EXERCISE DIRECTIONS: Once you find the line with "which [p] is" in the data that follows, repeat it and every line after it exactly, through the line with "Section BipartiteMatchings.".

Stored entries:
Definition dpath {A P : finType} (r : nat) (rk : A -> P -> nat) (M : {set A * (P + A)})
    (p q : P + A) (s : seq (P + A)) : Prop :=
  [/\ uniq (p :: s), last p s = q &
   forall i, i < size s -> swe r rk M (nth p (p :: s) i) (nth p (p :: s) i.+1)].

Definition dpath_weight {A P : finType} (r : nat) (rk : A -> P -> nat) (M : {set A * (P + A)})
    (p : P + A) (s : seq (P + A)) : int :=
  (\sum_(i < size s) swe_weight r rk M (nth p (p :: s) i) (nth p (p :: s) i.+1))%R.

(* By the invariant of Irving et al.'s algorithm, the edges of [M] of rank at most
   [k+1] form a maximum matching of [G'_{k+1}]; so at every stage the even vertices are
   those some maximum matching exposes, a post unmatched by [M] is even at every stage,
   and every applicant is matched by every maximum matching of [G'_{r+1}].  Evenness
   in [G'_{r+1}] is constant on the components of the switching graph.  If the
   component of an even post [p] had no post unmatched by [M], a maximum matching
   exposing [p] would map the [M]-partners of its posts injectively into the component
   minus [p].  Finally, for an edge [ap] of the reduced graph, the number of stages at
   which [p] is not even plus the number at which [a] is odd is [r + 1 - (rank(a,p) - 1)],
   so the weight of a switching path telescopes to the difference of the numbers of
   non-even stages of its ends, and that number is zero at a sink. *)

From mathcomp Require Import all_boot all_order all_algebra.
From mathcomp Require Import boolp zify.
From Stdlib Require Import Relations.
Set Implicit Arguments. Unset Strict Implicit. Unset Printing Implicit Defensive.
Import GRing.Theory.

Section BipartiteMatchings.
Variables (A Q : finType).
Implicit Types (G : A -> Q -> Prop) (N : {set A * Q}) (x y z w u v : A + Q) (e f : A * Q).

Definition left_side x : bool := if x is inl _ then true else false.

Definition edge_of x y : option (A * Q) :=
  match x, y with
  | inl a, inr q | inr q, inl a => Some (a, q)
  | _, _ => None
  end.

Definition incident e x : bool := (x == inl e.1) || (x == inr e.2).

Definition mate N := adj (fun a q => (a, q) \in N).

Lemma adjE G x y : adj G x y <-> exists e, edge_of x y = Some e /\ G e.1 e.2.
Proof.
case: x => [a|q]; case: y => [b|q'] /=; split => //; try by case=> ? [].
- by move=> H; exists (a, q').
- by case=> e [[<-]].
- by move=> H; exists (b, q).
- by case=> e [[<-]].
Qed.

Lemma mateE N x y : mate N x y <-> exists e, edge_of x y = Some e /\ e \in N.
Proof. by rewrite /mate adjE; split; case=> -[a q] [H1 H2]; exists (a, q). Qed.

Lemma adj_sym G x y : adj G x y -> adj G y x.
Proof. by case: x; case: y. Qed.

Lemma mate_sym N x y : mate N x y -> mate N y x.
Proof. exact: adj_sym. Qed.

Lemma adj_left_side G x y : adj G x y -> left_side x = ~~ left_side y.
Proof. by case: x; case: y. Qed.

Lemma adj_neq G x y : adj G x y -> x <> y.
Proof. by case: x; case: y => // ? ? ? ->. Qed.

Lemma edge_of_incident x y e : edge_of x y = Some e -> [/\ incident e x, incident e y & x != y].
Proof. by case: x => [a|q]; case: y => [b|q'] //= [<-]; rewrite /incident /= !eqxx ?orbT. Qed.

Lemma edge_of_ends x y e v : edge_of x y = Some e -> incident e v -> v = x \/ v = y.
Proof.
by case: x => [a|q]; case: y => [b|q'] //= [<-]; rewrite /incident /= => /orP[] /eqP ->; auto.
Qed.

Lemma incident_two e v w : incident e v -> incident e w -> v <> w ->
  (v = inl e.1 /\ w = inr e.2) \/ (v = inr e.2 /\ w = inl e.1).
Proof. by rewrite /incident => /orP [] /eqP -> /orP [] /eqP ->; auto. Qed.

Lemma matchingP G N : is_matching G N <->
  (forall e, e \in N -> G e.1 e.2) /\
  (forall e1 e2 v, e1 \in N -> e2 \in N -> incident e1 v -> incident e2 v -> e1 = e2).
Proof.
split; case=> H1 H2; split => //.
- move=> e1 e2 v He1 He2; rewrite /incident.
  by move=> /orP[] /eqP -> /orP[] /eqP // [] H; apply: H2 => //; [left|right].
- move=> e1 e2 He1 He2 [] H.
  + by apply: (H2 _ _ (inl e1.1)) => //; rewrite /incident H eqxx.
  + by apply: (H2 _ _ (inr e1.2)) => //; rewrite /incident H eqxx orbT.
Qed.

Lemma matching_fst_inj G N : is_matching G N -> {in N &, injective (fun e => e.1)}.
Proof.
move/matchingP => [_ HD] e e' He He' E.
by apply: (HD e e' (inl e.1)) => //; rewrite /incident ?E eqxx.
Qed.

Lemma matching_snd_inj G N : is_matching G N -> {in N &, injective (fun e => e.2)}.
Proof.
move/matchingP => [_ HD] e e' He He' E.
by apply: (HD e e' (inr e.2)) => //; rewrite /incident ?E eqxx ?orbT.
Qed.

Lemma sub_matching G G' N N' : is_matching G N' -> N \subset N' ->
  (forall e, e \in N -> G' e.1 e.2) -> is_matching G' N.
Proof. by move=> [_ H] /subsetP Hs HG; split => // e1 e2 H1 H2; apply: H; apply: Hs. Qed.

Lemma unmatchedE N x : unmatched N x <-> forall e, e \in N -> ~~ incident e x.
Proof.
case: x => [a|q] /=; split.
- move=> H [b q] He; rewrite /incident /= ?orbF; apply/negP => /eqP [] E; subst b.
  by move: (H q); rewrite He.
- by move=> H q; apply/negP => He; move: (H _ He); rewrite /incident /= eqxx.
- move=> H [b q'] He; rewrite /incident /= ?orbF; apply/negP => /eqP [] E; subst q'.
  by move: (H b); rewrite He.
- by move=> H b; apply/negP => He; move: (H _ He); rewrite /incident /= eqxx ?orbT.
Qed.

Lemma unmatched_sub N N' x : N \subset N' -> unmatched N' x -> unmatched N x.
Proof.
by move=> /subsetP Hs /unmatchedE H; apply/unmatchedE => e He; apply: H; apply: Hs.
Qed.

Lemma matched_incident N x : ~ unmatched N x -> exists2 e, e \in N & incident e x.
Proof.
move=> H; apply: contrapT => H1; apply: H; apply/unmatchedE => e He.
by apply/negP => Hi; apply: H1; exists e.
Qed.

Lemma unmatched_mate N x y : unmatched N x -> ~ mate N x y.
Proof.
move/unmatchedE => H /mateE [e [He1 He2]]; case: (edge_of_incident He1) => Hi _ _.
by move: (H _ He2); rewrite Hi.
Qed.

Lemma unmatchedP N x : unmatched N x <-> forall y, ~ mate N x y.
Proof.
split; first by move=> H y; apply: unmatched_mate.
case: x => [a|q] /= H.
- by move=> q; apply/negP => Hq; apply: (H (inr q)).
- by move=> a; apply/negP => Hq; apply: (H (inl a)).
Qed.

RESPONSE AREA:
   which [p] is not even plus the number at which [a] is odd is [r + 1 - (rank(a,p) - 1)],
   so the weight of a switching path telescopes to the difference of the numbers of
   non-even stages of its ends, and that number is zero at a sink. *)

From mathcomp Require Import all_boot all_order all_algebra.
From mathcomp Require Import boolp zify.
From Stdlib Require Import Relations.
Set Implicit Arguments. Unset Strict Implicit. Unset Printing Implicit Defensive.
Import GRing.Theory.

Section BipartiteMatchings.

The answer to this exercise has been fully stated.